Starting at the line with "forall i, i < size s -> p i = i" and going on through the line with "by move: hpos; rewrite E (lab_inv_positive", reproduce each line in the records below exactly and nothing more.

Top of Dataset records

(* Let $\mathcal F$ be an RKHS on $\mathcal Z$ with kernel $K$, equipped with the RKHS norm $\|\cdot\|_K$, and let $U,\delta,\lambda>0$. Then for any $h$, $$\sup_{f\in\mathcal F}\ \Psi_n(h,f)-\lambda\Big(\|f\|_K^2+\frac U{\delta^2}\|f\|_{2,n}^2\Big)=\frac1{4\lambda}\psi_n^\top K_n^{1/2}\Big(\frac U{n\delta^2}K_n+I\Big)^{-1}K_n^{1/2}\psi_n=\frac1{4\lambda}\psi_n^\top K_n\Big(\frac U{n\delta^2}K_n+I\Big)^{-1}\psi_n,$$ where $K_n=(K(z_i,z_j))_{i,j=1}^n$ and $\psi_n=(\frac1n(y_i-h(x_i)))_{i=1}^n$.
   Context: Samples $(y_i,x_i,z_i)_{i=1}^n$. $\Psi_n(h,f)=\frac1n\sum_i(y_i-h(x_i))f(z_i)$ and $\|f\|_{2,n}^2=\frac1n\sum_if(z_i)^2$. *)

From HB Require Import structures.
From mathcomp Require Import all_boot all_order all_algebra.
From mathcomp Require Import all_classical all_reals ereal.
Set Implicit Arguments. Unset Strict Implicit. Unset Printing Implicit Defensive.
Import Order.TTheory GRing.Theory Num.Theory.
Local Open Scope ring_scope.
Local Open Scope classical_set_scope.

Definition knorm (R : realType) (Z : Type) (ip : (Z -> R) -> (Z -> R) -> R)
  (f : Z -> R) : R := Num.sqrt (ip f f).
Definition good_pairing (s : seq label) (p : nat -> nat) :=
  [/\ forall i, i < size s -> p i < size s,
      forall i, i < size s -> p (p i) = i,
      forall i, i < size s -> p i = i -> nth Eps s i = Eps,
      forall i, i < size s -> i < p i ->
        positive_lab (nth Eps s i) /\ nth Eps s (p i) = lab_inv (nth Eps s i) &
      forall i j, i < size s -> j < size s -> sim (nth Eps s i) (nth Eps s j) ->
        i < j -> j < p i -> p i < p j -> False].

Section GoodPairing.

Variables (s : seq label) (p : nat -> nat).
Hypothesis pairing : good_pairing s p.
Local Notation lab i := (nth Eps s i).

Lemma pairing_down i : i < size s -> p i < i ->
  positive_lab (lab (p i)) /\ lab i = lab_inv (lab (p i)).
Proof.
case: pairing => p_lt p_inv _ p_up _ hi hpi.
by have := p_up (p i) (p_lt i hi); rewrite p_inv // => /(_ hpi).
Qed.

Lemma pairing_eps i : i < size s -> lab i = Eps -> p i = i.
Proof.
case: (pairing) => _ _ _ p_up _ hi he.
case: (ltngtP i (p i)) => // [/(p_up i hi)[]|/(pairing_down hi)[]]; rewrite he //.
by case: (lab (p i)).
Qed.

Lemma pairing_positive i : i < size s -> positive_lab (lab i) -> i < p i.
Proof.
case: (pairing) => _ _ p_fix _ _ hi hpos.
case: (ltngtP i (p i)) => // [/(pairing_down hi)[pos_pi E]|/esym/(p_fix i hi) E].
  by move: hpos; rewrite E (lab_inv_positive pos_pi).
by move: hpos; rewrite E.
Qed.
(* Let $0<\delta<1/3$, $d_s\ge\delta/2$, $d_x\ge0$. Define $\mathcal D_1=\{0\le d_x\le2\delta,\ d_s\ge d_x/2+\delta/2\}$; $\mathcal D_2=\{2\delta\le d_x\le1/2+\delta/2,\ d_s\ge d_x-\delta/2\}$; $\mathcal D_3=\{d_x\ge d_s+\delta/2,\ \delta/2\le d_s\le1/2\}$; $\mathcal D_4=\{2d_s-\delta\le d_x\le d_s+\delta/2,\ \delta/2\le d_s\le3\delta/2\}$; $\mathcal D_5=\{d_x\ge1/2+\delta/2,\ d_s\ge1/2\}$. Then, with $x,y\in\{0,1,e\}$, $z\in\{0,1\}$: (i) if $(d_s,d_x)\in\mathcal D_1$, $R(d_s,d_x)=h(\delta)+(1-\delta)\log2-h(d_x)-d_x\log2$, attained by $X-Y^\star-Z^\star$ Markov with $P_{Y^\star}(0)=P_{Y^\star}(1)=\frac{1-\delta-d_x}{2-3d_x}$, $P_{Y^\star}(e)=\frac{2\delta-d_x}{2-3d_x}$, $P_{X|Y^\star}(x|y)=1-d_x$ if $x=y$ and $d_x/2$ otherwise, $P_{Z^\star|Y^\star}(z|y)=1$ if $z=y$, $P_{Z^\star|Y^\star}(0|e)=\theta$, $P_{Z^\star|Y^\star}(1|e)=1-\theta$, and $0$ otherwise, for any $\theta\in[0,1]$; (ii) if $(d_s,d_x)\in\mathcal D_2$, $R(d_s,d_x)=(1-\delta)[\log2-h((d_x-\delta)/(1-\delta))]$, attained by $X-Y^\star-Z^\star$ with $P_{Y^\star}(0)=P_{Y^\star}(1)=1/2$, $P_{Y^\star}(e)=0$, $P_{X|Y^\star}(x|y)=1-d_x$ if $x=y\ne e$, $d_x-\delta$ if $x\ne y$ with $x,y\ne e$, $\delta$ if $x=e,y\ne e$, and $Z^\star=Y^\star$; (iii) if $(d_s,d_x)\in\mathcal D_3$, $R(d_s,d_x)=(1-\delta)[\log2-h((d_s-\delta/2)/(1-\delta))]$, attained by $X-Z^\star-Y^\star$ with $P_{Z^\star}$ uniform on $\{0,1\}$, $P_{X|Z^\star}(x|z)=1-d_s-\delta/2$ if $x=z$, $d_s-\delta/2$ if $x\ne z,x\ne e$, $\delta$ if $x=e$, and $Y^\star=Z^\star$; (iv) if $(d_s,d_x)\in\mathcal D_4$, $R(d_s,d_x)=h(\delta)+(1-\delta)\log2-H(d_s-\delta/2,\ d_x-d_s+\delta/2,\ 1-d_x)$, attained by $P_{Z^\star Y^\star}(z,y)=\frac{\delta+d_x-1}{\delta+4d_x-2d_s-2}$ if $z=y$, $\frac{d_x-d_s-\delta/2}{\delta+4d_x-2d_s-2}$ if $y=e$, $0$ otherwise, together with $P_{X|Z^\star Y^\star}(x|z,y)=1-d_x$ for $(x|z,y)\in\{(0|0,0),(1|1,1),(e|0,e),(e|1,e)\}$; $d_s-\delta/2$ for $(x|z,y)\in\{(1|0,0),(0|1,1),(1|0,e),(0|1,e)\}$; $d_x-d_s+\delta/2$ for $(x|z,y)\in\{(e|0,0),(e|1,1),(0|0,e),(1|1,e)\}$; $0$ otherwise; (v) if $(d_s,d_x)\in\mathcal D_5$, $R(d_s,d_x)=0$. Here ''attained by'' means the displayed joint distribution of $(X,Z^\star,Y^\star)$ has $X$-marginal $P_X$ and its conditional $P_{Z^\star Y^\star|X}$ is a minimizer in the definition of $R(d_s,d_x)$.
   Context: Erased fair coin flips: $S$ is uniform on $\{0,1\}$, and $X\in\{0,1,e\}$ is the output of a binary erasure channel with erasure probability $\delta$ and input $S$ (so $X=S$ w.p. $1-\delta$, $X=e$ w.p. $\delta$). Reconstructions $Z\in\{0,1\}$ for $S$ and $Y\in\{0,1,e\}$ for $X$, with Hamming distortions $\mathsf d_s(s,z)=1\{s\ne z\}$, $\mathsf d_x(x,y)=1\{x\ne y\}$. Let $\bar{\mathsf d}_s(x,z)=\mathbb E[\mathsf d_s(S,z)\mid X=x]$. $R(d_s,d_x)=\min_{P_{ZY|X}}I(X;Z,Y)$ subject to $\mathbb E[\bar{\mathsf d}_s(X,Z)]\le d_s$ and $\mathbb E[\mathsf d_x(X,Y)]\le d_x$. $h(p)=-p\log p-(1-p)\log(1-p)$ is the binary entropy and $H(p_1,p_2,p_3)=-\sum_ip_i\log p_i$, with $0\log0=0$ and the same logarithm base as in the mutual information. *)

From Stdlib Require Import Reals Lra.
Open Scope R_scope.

Bottom of Dataset records

(Expected answer)
      forall i, i < size s -> p i = i -> nth Eps s i = Eps,
      forall i, i < size s -> i < p i ->
        positive_lab (nth Eps s i) /\ nth Eps s (p i) = lab_inv (nth Eps s i) &
      forall i j, i < size s -> j < size s -> sim (nth Eps s i) (nth Eps s j) ->
        i < j -> j < p i -> p i < p j -> False].

Section GoodPairing.

Variables (s : seq label) (p : nat -> nat).
Hypothesis pairing : good_pairing s p.
Local Notation lab i := (nth Eps s i).

Lemma pairing_down i : i < size s -> p i < i ->
  positive_lab (lab (p i)) /\ lab i = lab_inv (lab (p i)).
Proof.
case: pairing => p_lt p_inv _ p_up _ hi hpi.
by have := p_up (p i) (p_lt i hi); rewrite p_inv // => /(_ hpi).
Qed.

Lemma pairing_eps i : i < size s -> lab i = Eps -> p i = i.
Proof.
case: (pairing) => _ _ _ p_up _ hi he.
case: (ltngtP i (p i)) => // [/(p_up i hi)[]|/(pairing_down hi)[]]; rewrite he //.
by case: (lab (p i)).
Qed.

Lemma pairing_positive i : i < size s -> positive_lab (lab i) -> i < p i.
Proof.
case: (pairing) => _ _ p_fix _ _ hi hpos.
case: (ltngtP i (p i)) => // [/(pairing_down hi)[pos_pi E]|/esym/(p_fix i hi) E].
  by move: hpos; rewrite E (lab_inv_positive pos_pi).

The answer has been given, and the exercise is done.